Belief without Borders: Inside the Minds of the Spiritual but Not Religious, by Linda A. Mercadante [1] -- from the publisher's blurb: "The last twenty years have seen a dramatic increase in 'nones': people who do not claim any religious affiliation. These 'nones' now outnumber even the largest Protestant denominations in America. They are not to be confused with secularists, however, for many of them identify themselves as 'spiritual but not religious' (SBNR). The response to this dramatic change in American religion has been amazingly mixed. While social scientists have been busy counting and categorizing them, the public has swung between derision and adulation. Some complain 'nones' are simply shallow dilettantes, narcissistically concerned with their own inner world. Others hail them as spiritual giants, and ground-breaking pioneers. Rarely, however, have these 'nones' been asked to explain their own views, beliefs, and experiences. In Belief without Borders, theologian and one-time SBNR Linda Mercadante finally gives these individuals a chance to speak for themselves.

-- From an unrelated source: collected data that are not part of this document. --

(* Let $M$ be a proper metric space and $X_1,\dots,X_n\subseteq M$ Borel subsets. Then the sets $A_0=X_1\cap\dots\cap X_n$ and $A_i=X_i^c\cap X_{i+1}\cap\dots\cap X_n$ ($i=1,\dots,n$) form a partition of $M$. Moreover, if $X_1,\dots,X_n$ is a coarsely transverse collection of half spaces, then $A_0,\dots,A_n$ is a coarsely transverse $n$-partition.
   Context: For $Y\subseteq M$, $Y_R=\{x:d(x,Y)\le R\}$. Coarsely transverse half spaces: Borel sets $X_1,\dots,X_n$ with $\bigcap_i (X_i)_R\cap (X_i^c)_R$ bounded for every $R\ge0$. A coarsely transverse $n$-partition: pairwise disjoint Borel sets $A_0,\dots,A_n$ with union $M$ such that $(A_0)_R\cap\dots\cap(A_n)_R$ is bounded for every $R\ge 0$. *)

From HB Require Import structures.
From mathcomp Require Import all_boot all_order all_algebra.
From mathcomp Require Import all_classical all_reals all_analysis.
Set Implicit Arguments. Unset Strict Implicit. Unset Printing Implicit Defensive.
Import Order.TTheory GRing.Theory Num.Theory.
Local Open Scope classical_set_scope.
Local Open Scope ring_scope.

Section defs.
Context {R : realType} {M : metricType R}.

(* d(x,Y) = inf_{y in Y} d(x,y), as an extended real (+oo when Y is empty). *)
Definition set_dist (x : M) (Y : set M) : \bar R :=
  ereal_inf [set (mdist x y)%:E | y in Y].

Definition nbhdR (Y : set M) (r : R) : set M :=
  [set x | (set_dist x Y <= r%:E)%E].

Definition mbounded (A : set M) : Prop :=
  exists r : R, forall x y, A x -> A y -> mdist x y <= r.

Definition proper_metric : Prop :=
  forall (x : M) (r : R), compact [set y | mdist x y <= r].

Definition Borel (A : set M) : Prop := <<s [set U : set M | open U] >> A.

Definition coarsely_transverse_half_spaces (n : nat) (X : nat -> set M) : Prop :=
  (forall i, (1 <= i <= n)%N -> Borel (X i)) /\
  forall r : R, 0 <= r ->
    mbounded (\bigcap_(i in [set i | (1 <= i <= n)%N])
                 (nbhdR (X i) r `&` nbhdR (~` X i) r)).

Definition coarsely_transverse_partition (n : nat) (A : nat -> set M) : Prop :=
  (forall i, (i <= n)%N -> Borel (A i)) /\
  (forall i j, (i <= n)%N -> (j <= n)%N -> i <> j -> A i `&` A j = set0) /\
  (\bigcup_(i in [set i | (i <= n)%N]) A i = setT) /\
  forall r : R, 0 <= r ->
    mbounded (\bigcap_(i in [set i | (i <= n)%N]) nbhdR (A i) r).

Definition half_space_partition (n : nat) (X : nat -> set M) (i : nat) : set M :=
  if i == 0%N then \bigcap_(j in [set j | (1 <= j <= n)%N]) X j
  else ~` X i `&` \bigcap_(j in [set j | (i < j <= n)%N]) X j.

End defs.

From HB Require Import structures.
From mathcomp Require Import all_boot all_order all_algebra.
From mathcomp Require Import all_classical all_reals all_analysis.
Import Order.TTheory GRing.Theory Num.Theory.
Local Open Scope classical_set_scope.
Local Open Scope ring_scope.

(* A point lies in A_i exactly when i is the last index with x \notin X_i
   (and in A_0 when there is none), which gives the partition.  A point
   R-close to every A_i is R-close to A_0, contained in X_i, and to A_i,
   contained in X_i^c, so the intersection of the R-neighbourhoods of the
   A_i lies in the bounded set of the transversality of the X_i. *)

Section Borel_sets.
Context {R : realType} {M : metricType R}.
Implicit Types (A B : set M) (F : nat -> set M) (P : set nat).

Lemma BorelC A : Borel A -> Borel (~` A).
Proof. by move=> BA; rewrite -setTD; exact: sigma_algebraCD. Qed.

Lemma Borel_bigcup F P :
  (forall k, P k -> Borel (F k)) -> Borel (\bigcup_(i in P) F i).
Proof.
move=> BF; rewrite bigcup_mkcond; apply: sigma_algebra_bigcup => k.
by case: ifPn => [/[!inE]/BF //|_]; exact: sigma_algebra0.
Qed.

Lemma Borel_bigcap F P :
  (forall k, P k -> Borel (F k)) -> Borel (\bigcap_(i in P) F i).
Proof.
move=> BF; rewrite -[X in Borel X]setCK setC_bigcap.
apply: BorelC; apply: Borel_bigcup => k /BF; exact: BorelC.
Qed.

Lemma BorelI A B : Borel A -> Borel B -> Borel (A `&` B).
Proof.
move=> BA BB; rewrite -bigcap2E; apply: Borel_bigcap => -[|[|k]] _ //=.
by rewrite -setC0; apply: BorelC; exact: sigma_algebra0.
Qed.

End Borel_sets.

Section neighbourhoods.
Context {R : realType} {M : metricType R}.
Implicit Types A B : set M.

Lemma nbhdRS A B (r : R) : A `<=` B -> nbhdR A r `<=` nbhdR B r.
Proof.
move=> AB x Ax; apply: le_trans Ax.
by apply: ereal_inf_le_tmp; exact: image_subset.
Qed.

Lemma mboundedS A B : A `<=` B -> mbounded B -> mbounded A.
Proof. by move=> AB [r Br]; exists r => x y /AB Bx /AB By; exact: Br. Qed.

End neighbourhoods.

Section half_space_partition.
Context {R : realType} {M : metricType R}.
Variables (n : nat) (X : nat -> set M).
Local Notation A := (half_space_partition n X).

Lemma half_space_partition_subX i j : (i < j <= n)%N -> A i `<=` X j.
Proof.
move=> /andP[ij jn] x; rewrite /half_space_partition.
case: eqP => [i0 Ax|_ [_ Ax]]; apply: Ax => /=; last by rewrite ij jn.
by rewrite -i0 jn andbT.
Qed.

Lemma half_space_partition_subC i : (0 < i)%N -> A i `<=` ~` X i.
Proof. by move=> i_gt0 x; rewrite /half_space_partition gtn_eqF // => -[]. Qed.

Lemma Borel_half_space_partition i :
  (forall j, (1 <= j <= n)%N -> Borel (X j)) -> (i <= n)%N -> Borel (A i).
Proof.
move=> BX i_le_n; rewrite /half_space_partition; case: eqP => [_|/eqP i_neq0].
  by apply: Borel_bigcap => j /BX.
apply: BorelI; first by apply: BorelC; apply: BX; rewrite i_le_n andbT lt0n.
apply: Borel_bigcap => j /andP[ij jn]; apply: BX.
by rewrite jn andbT; exact: leq_ltn_trans ij.
Qed.

Lemma half_space_partition_disjoint_lt i j : (i < j <= n)%N ->
  A i `&` A j = set0.
Proof.
move=> ijn; apply/disjoints_subset => x Aix Ajx.
have j_gt0 : (0 < j)%N by case/andP: ijn => /(leq_ltn_trans (leq0n i)).
exact: half_space_partition_subC _ j_gt0 x Ajx (half_space_partition_subX _ _ ijn x Aix).
Qed.

Lemma half_space_partition_disjoint i j : (i <= n)%N -> (j <= n)%N -> i <> j ->
  A i `&` A j = set0.
Proof.
move=> i_le_n j_le_n; case: (ltngtP i j) => [ij|ji|->] // _.
  by apply: half_space_partition_disjoint_lt; rewrite ij.
by rewrite setIC; apply: half_space_partition_disjoint_lt; rewrite ji.
Qed.

Lemma half_space_partition_cover_upto (x : M) k : (k <= n)%N ->
  (forall j, (k < j <= n)%N -> X j x) -> exists2 i, (i <= k)%N & A i x.
Proof.
elim: k => [|k IHk] kn Xx.
  by exists 0%N => //; rewrite /half_space_partition eqxx.
have [Xkx|nXkx] := pselect (X k.+1 x); last first.
  by exists k.+1 => //; rewrite /half_space_partition.
have [i ik Aix] : exists2 i, (i <= k)%N & A i x.
  apply: IHk => [|j /andP[kj jn]]; first exact: ltnW.
  have [-> //|jk] := eqVneq j k.+1.
  by apply: Xx; rewrite ltn_neqAle eq_sym jk kj jn.
by exists i => //; exact: leqW.
Qed.

Lemma half_space_partition_cover :
  \bigcup_(i in [set i | (i <= n)%N]) A i = setT.
Proof.
apply/seteqP; split => // x _.
have [j /andP[nj jn]|i i_le_n Aix] :=
    half_space_partition_cover_upto x n (leqnn n).
  by rewrite ltnNge jn in nj.
by exists i.
Qed.

Lemma bigcap_nbhdR_half_space_partition (r : R) :
  \bigcap_(i in [set i | (i <= n)%N]) nbhdR (A i) r `<=`
  \bigcap_(i in [set i | (1 <= i <= n)%N]) (nbhdR (X i) r `&` nbhdR (~` X i) r).
Proof.
move=> x near_A i /andP[i_gt0 i_le_n]; split.
- by apply: nbhdRS (near_A 0%N isT); apply: half_space_partition_subX; rewrite i_gt0.
- by apply: nbhdRS (near_A i i_le_n); exact: half_space_partition_subC.
Qed.

Lemma coarsely_transverse_half_space_partition :
  coarsely_transverse_half_spaces n X ->
  coarsely_transverse_partition n A.
Proof.
move=> [BX bounded_X]; split; first by move=> i; exact: Borel_half_space_partition.
split; first exact: half_space_partition_disjoint.
split; first exact: half_space_partition_cover.
move=> r r_ge0.
exact: mboundedS (bigcap_nbhdR_half_space_partition r) (bounded_X r r_ge0).
Qed.

End half_space_partition.

Theorem lemma5p5 (R : realType) (M : metricType R) (n : nat) (X : nat -> set M) :
  proper_metric (M := M) ->
  (forall i, (1 <= i <= n)%N -> Borel (X i)) ->
  ((forall i, (i <= n)%N -> Borel (half_space_partition n X i)) /\
   (forall i j, (i <= n)%N -> (j <= n)%N -> i <> j ->
      half_space_partition n X i `&` half_space_partition n X j = set0) /\
   (\bigcup_(i in [set i | (i <= n)%N]) half_space_partition n X i = setT)) /\
  (coarsely_transverse_half_spaces n X ->
   coarsely_transverse_partition n (half_space_partition n X)).
Proof.
move=> _ BX; split; last exact: coarsely_transverse_half_space_partition.
split; first by move=> i; exact: Borel_half_space_partition.
split; [exact: half_space_partition_disjoint | exact: half_space_partition_cover].
Qed.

"This volume is the result of extensive observation and nearly 100 in-depth interviews with SBNRs across the United States. Mercadante presents SBNRs' stories, shows how they analyze their spiritual journeys, and explains why they reject the claims of organized religion. Surprisingly, however, Mercadante finds these SBNRs within as well as outside the church. She reveals the unexpected, emerging latent theology within this group, including the interviewees' creative concepts of divine transcendence, life after death, human nature, and community. The conclusions she draws are startling: despite the fact that SBNRs routinely discount the creeds and doctrines of organized religion, many have devised a structured set of beliefs, often purposefully in opposition to doctrines associated with Christianity."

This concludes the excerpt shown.